• EXERCISE AIM
Produce as output only the lines below starting at the line with "Variables (Y : Type) (d : Y -> Y -> R)." and continuing through the line with "- rewrite Nat.add_succ_r, inv_pow2_S.", each one exactly as written.

• RECORDS FOR PROCESSING
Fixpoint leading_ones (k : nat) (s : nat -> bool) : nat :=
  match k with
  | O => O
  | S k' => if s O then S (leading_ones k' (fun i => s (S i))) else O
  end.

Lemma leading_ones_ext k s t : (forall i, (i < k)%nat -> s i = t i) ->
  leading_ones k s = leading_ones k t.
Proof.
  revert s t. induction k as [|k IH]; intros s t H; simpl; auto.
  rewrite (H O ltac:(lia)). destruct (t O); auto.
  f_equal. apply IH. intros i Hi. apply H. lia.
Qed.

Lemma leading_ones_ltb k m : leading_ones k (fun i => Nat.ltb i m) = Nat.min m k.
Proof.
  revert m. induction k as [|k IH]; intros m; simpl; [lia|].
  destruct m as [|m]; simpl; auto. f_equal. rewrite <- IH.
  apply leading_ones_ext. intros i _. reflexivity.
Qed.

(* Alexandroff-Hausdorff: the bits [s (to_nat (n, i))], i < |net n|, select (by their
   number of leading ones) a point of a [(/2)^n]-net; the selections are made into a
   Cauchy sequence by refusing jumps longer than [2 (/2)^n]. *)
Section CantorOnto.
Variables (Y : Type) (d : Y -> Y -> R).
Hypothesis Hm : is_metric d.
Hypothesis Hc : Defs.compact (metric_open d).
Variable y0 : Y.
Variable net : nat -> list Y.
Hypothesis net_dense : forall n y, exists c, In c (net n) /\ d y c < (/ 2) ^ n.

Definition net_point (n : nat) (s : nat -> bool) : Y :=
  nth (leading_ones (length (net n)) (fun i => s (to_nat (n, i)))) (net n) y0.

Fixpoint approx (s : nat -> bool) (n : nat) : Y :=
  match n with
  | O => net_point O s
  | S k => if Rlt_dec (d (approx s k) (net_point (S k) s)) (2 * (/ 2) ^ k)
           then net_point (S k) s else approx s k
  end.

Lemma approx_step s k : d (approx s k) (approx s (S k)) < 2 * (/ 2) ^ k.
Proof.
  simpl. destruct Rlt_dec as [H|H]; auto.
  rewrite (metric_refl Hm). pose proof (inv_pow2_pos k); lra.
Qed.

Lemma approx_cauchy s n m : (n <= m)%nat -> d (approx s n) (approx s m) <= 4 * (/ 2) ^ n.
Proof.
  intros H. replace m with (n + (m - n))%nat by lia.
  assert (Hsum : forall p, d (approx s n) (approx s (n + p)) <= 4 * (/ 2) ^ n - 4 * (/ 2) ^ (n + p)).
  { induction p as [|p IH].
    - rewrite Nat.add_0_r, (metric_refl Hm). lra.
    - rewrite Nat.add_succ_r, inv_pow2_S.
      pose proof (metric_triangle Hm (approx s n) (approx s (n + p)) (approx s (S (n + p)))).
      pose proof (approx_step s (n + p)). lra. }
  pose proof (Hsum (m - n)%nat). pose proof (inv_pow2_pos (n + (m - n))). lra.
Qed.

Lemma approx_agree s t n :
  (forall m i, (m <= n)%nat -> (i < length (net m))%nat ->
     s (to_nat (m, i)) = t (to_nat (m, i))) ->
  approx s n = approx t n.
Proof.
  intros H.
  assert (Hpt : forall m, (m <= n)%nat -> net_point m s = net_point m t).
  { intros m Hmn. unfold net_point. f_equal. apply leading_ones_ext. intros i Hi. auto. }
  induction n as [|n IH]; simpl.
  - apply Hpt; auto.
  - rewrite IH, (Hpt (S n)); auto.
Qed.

• RESULT OF THE TASK
Variables (Y : Type) (d : Y -> Y -> R).
Hypothesis Hm : is_metric d.
Hypothesis Hc : Defs.compact (metric_open d).
Variable y0 : Y.
Variable net : nat -> list Y.
Hypothesis net_dense : forall n y, exists c, In c (net n) /\ d y c < (/ 2) ^ n.

Definition net_point (n : nat) (s : nat -> bool) : Y :=
  nth (leading_ones (length (net n)) (fun i => s (to_nat (n, i)))) (net n) y0.

Fixpoint approx (s : nat -> bool) (n : nat) : Y :=
  match n with
  | O => net_point O s
  | S k => if Rlt_dec (d (approx s k) (net_point (S k) s)) (2 * (/ 2) ^ k)
           then net_point (S k) s else approx s k
  end.

Lemma approx_step s k : d (approx s k) (approx s (S k)) < 2 * (/ 2) ^ k.
Proof.
  simpl. destruct Rlt_dec as [H|H]; auto.
  rewrite (metric_refl Hm). pose proof (inv_pow2_pos k); lra.
Qed.

Lemma approx_cauchy s n m : (n <= m)%nat -> d (approx s n) (approx s m) <= 4 * (/ 2) ^ n.
Proof.
  intros H. replace m with (n + (m - n))%nat by lia.
  assert (Hsum : forall p, d (approx s n) (approx s (n + p)) <= 4 * (/ 2) ^ n - 4 * (/ 2) ^ (n + p)).
  { induction p as [|p IH].
    - rewrite Nat.add_0_r, (metric_refl Hm). lra.
    - rewrite Nat.add_succ_r, inv_pow2_S.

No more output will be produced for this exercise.